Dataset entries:
_____

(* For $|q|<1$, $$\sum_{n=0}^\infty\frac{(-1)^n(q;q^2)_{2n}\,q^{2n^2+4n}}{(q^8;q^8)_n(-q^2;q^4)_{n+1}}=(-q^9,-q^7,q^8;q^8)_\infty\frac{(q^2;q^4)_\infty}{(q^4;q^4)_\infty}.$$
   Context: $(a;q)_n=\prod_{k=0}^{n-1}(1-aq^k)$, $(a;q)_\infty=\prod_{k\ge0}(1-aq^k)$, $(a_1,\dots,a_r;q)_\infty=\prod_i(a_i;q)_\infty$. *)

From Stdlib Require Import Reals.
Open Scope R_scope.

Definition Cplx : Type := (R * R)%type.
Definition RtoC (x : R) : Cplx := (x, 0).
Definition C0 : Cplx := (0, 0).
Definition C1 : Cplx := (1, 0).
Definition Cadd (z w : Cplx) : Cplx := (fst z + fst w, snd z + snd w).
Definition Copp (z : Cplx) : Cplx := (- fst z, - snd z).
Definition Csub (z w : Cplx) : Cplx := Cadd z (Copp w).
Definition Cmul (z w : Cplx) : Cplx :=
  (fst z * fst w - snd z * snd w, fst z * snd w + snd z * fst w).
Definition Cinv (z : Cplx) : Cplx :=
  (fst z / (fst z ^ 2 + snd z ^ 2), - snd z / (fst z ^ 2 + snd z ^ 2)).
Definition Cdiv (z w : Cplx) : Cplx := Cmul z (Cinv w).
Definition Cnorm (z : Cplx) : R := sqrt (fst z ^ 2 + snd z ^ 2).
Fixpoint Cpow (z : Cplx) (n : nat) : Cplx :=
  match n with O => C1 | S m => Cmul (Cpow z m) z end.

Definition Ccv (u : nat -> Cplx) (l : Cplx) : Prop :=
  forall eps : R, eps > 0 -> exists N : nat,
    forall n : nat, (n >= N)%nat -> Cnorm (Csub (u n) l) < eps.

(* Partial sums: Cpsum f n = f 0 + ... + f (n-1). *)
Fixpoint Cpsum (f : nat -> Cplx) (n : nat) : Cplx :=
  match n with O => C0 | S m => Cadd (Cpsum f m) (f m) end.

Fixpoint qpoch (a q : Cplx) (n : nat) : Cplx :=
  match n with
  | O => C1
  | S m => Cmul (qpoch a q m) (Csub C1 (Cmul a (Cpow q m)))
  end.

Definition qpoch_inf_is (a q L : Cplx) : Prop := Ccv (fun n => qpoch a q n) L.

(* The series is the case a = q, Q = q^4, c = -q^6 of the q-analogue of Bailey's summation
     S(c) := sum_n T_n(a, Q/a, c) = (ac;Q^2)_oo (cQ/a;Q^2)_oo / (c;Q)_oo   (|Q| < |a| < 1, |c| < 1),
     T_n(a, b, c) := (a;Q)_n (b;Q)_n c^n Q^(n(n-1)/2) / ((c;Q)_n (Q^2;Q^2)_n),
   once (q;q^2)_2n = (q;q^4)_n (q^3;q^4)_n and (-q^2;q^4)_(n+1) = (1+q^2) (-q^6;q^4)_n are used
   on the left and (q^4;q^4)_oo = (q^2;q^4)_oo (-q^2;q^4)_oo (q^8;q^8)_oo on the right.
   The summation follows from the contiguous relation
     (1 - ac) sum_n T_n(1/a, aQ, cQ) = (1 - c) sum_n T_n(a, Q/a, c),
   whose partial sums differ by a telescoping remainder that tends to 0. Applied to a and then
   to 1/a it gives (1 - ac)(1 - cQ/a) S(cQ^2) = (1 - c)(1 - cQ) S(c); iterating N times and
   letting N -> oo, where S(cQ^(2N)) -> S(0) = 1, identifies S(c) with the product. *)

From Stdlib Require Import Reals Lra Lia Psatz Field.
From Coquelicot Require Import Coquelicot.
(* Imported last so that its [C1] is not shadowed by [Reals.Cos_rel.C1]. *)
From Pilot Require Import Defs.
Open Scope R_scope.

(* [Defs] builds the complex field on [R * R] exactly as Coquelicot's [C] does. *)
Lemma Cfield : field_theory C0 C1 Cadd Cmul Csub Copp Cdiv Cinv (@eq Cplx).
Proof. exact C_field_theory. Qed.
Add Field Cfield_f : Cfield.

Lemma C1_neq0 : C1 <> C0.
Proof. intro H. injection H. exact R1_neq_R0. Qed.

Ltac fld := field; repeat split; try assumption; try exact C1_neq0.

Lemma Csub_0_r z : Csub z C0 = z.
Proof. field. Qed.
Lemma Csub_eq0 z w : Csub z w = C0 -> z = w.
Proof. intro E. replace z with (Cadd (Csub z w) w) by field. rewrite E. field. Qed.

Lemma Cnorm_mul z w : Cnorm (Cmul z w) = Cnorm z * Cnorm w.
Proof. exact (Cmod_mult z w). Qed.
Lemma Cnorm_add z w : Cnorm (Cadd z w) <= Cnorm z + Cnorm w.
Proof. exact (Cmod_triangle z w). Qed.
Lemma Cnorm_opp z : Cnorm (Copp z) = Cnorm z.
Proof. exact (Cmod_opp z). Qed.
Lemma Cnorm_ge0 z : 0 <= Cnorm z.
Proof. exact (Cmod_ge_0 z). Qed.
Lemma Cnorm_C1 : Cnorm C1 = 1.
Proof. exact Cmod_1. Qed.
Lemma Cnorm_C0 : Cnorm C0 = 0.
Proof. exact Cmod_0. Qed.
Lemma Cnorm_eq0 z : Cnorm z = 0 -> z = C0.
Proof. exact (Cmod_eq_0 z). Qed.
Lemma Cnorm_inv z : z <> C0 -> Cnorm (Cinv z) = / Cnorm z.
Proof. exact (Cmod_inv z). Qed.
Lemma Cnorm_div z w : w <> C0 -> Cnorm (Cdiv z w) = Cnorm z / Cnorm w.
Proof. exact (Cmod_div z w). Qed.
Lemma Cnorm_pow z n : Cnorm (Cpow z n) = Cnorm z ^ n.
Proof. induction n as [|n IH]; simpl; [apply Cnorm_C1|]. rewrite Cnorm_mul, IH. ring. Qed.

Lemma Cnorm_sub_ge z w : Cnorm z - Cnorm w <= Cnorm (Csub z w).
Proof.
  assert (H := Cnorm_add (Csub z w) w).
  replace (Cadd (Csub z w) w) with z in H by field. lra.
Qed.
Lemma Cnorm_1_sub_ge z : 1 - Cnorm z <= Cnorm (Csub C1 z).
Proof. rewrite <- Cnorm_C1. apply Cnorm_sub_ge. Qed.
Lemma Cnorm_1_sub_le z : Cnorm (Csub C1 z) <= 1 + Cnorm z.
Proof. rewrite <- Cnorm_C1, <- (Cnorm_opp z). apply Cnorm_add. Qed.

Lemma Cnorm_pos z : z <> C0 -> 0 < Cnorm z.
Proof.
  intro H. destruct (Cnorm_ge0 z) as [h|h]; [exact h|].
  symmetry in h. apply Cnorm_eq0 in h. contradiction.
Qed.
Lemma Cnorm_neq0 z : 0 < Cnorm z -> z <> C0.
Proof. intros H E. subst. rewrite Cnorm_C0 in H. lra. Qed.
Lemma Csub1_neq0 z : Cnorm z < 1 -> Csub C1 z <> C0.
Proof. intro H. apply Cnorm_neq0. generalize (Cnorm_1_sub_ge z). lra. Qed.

_____

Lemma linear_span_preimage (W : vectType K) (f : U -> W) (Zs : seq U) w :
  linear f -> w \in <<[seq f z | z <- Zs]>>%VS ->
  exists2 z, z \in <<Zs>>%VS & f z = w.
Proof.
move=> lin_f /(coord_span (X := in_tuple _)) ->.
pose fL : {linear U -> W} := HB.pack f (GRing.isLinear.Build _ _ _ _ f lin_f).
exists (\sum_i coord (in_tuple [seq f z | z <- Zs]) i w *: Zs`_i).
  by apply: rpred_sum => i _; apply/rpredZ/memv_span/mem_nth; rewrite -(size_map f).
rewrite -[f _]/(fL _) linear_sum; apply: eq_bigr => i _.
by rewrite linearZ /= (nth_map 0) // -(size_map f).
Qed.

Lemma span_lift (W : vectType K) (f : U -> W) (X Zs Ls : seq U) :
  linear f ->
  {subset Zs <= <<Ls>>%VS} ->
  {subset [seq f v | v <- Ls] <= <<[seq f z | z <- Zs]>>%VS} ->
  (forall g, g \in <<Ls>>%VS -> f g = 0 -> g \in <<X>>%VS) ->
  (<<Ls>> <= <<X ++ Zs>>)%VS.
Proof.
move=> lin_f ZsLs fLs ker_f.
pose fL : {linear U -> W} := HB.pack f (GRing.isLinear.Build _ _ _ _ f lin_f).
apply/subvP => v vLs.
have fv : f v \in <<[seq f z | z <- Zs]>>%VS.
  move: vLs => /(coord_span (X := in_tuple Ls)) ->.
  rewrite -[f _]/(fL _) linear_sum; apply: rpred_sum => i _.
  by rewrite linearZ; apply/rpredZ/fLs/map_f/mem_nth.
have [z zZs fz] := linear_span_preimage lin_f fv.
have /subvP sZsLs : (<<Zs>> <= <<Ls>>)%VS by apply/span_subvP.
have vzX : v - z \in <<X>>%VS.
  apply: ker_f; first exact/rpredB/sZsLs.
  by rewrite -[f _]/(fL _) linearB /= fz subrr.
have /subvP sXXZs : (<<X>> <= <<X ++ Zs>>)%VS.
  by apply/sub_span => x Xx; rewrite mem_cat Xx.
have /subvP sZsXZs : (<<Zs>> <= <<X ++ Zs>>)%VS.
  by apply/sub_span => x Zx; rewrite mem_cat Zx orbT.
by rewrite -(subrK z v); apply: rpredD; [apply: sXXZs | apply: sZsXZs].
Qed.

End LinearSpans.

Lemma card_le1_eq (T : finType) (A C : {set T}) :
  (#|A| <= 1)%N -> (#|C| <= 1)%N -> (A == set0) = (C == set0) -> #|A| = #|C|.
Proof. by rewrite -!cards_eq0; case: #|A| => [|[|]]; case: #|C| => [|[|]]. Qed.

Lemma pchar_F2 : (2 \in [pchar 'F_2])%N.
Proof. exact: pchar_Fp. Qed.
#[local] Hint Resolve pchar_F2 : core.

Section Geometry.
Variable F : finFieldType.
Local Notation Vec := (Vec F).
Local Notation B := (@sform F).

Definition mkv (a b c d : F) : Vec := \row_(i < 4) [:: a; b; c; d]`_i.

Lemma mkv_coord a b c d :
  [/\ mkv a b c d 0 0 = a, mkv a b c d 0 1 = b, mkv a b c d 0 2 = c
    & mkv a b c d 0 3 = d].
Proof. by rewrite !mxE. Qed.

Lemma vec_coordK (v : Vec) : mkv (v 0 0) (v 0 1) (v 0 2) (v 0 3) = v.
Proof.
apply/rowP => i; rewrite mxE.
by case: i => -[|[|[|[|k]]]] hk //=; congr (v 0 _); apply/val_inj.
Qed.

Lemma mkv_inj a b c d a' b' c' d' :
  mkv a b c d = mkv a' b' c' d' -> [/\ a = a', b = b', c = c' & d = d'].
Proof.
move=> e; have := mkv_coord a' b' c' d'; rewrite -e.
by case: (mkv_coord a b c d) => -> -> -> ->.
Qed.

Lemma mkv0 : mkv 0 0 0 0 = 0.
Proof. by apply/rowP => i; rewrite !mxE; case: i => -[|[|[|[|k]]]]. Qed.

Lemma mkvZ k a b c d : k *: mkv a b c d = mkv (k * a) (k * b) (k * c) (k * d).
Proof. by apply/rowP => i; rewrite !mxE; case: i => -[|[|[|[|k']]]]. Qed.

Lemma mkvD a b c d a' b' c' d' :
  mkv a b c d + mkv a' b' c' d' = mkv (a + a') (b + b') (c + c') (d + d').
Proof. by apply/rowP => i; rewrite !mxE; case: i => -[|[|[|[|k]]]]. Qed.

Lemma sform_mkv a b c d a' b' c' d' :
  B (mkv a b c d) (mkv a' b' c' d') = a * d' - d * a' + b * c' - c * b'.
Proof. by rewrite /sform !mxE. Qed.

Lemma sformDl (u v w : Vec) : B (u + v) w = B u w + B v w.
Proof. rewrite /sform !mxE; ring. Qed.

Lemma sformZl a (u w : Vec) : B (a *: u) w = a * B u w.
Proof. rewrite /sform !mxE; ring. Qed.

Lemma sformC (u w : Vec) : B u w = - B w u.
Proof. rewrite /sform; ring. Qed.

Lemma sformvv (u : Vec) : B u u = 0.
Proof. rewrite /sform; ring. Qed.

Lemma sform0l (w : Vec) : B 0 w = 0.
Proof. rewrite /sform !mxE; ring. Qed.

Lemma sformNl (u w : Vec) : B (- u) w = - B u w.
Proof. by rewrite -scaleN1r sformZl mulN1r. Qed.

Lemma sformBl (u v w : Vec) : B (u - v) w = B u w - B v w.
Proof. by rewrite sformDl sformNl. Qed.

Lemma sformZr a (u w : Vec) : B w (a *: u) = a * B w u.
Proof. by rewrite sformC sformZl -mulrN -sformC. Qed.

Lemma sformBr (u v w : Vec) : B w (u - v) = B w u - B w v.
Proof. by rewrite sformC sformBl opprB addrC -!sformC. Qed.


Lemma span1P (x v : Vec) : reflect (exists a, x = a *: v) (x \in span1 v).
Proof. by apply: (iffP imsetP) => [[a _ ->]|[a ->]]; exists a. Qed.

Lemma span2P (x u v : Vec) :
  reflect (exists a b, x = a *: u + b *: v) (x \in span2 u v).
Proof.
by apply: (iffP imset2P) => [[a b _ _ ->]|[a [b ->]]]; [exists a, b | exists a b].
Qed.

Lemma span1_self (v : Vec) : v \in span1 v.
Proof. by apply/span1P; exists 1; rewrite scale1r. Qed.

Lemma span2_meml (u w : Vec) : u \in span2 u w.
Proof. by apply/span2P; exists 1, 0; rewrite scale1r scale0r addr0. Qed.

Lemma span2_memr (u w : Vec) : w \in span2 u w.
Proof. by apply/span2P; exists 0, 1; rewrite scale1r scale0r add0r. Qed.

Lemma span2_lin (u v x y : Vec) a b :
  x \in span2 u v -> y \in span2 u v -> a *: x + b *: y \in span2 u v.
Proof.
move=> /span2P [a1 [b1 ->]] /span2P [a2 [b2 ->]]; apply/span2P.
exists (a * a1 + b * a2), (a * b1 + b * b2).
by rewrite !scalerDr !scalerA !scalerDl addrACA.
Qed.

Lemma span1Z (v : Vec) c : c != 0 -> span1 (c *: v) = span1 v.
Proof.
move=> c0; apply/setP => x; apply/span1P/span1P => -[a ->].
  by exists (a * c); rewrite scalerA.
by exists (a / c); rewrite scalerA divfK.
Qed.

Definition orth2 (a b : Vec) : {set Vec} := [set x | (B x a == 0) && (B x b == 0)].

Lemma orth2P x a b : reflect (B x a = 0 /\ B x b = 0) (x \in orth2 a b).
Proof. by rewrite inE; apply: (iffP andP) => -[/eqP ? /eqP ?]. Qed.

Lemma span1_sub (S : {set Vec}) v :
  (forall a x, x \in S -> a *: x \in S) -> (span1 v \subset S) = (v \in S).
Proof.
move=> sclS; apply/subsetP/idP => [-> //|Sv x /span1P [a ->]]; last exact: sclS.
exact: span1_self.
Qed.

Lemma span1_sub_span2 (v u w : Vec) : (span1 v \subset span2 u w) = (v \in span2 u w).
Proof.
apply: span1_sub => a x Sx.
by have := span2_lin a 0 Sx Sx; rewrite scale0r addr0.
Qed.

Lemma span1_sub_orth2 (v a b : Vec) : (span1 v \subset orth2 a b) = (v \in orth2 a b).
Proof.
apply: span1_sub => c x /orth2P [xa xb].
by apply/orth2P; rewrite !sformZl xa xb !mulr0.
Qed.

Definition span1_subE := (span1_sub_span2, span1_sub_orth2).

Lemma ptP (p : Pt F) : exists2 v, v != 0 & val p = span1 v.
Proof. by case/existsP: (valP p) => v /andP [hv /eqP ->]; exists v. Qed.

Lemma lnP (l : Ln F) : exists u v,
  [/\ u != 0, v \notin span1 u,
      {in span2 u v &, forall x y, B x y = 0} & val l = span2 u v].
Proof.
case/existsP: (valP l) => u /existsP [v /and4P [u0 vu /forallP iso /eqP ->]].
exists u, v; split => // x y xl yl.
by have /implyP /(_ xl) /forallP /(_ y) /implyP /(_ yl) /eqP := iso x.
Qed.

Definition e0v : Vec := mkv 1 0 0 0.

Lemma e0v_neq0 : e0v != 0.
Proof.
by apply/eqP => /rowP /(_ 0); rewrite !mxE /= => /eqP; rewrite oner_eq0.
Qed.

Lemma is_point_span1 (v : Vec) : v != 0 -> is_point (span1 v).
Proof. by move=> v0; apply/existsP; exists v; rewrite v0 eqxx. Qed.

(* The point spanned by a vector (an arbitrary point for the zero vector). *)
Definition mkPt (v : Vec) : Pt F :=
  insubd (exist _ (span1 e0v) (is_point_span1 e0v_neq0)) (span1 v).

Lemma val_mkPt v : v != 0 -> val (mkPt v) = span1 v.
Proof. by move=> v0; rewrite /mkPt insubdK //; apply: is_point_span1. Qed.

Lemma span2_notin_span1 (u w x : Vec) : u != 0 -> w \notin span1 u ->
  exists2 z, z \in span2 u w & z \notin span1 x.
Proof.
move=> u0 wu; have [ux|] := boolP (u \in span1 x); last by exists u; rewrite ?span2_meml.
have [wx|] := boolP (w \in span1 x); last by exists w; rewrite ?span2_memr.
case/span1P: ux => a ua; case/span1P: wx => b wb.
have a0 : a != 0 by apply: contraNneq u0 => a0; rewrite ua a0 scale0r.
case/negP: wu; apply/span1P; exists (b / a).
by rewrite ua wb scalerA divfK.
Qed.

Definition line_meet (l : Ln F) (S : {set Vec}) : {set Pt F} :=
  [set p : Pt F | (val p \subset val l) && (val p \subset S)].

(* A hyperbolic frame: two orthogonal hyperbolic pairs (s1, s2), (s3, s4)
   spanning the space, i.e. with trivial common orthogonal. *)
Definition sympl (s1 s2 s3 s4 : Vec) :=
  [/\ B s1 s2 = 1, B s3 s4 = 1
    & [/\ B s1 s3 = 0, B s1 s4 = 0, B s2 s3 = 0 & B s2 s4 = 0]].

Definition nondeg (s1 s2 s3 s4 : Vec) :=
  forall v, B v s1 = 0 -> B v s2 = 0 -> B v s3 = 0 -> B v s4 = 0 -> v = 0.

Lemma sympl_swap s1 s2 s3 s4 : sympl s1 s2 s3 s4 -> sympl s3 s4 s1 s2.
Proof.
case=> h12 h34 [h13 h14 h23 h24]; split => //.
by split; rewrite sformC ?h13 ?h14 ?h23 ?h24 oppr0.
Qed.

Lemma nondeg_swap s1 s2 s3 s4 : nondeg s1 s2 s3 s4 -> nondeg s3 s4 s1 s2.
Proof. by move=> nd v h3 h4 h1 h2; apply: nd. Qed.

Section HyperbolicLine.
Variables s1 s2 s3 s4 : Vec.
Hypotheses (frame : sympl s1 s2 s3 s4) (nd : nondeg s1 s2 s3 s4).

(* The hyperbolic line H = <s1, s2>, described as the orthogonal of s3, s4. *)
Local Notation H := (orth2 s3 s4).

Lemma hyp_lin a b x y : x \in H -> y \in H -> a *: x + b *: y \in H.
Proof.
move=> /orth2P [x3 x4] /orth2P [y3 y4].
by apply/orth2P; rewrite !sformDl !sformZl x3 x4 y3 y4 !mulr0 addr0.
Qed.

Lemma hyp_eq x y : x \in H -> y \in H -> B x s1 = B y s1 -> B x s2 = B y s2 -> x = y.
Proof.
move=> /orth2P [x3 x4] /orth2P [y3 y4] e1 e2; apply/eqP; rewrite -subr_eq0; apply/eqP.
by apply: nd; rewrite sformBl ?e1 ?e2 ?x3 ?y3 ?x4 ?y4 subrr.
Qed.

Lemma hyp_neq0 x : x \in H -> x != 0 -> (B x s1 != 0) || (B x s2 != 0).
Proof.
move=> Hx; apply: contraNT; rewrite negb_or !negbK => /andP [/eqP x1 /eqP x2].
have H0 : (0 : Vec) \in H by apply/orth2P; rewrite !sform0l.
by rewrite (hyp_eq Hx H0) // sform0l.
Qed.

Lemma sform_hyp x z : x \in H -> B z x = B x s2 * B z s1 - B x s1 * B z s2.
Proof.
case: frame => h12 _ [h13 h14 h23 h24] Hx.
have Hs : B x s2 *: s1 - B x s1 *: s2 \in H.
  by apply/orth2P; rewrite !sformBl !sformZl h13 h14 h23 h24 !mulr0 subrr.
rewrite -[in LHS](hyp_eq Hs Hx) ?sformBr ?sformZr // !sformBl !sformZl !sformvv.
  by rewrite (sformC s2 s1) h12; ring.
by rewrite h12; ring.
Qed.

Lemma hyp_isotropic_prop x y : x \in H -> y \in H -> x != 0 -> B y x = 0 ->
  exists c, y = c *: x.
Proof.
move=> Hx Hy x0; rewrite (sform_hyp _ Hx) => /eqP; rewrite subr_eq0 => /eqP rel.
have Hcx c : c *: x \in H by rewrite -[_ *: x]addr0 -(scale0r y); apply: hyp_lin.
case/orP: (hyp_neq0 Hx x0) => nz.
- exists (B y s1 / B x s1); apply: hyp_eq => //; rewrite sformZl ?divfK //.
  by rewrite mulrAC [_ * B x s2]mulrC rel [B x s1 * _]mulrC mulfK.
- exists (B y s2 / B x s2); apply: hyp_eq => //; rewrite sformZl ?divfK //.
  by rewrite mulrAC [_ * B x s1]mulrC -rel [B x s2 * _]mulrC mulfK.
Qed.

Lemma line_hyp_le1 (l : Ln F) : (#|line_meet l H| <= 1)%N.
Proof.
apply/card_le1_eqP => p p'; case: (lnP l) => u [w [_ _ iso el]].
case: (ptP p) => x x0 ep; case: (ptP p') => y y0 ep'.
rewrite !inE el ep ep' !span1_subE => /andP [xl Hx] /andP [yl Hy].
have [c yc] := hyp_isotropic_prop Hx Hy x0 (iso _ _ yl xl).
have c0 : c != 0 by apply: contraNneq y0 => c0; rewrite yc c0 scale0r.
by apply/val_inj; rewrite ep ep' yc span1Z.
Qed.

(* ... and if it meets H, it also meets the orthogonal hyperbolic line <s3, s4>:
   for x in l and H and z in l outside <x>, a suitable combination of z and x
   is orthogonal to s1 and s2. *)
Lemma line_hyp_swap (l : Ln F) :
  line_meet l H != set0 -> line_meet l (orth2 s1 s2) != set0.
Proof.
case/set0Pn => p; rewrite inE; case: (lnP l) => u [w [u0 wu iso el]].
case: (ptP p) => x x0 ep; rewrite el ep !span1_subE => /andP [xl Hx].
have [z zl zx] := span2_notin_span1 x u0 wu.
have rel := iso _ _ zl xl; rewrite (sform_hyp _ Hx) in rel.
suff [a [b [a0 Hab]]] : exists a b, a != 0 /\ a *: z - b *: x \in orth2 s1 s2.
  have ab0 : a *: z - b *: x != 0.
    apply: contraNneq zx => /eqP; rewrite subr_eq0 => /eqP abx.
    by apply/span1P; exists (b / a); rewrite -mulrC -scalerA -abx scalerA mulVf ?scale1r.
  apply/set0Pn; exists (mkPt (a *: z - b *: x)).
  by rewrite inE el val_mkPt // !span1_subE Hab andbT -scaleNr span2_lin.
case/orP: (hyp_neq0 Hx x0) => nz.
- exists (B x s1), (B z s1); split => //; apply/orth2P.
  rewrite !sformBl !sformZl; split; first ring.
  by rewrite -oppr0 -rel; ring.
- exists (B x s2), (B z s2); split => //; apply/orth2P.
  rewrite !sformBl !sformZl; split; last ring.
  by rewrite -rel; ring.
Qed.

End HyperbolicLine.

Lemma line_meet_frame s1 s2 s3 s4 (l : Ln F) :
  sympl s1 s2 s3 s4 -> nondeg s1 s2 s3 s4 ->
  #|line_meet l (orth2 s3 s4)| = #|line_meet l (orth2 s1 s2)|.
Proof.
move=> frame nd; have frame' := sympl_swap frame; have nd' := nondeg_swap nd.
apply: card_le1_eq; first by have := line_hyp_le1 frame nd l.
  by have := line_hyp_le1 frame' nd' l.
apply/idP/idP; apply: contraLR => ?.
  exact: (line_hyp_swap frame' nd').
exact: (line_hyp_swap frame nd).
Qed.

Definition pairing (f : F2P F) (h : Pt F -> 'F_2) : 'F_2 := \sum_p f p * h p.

_____

# What you are asked to do
All that is wanted is an exact copy of the lines above from the one with "From Pilot Require Import Defs." through the one with "Lemma Csub_eq0 z w : Csub z w = C0 -> z = w.", with both ends included.

# Result
From Pilot Require Import Defs.
Open Scope R_scope.

(* [Defs] builds the complex field on [R * R] exactly as Coquelicot's [C] does. *)
Lemma Cfield : field_theory C0 C1 Cadd Cmul Csub Copp Cdiv Cinv (@eq Cplx).
Proof. exact C_field_theory. Qed.
Add Field Cfield_f : Cfield.

Lemma C1_neq0 : C1 <> C0.
Proof. intro H. injection H. exact R1_neq_R0. Qed.

Ltac fld := field; repeat split; try assumption; try exact C1_neq0.

Lemma Csub_0_r z : Csub z C0 = z.
Proof. field. Qed.
Lemma Csub_eq0 z w : Csub z w = C0 -> z = w.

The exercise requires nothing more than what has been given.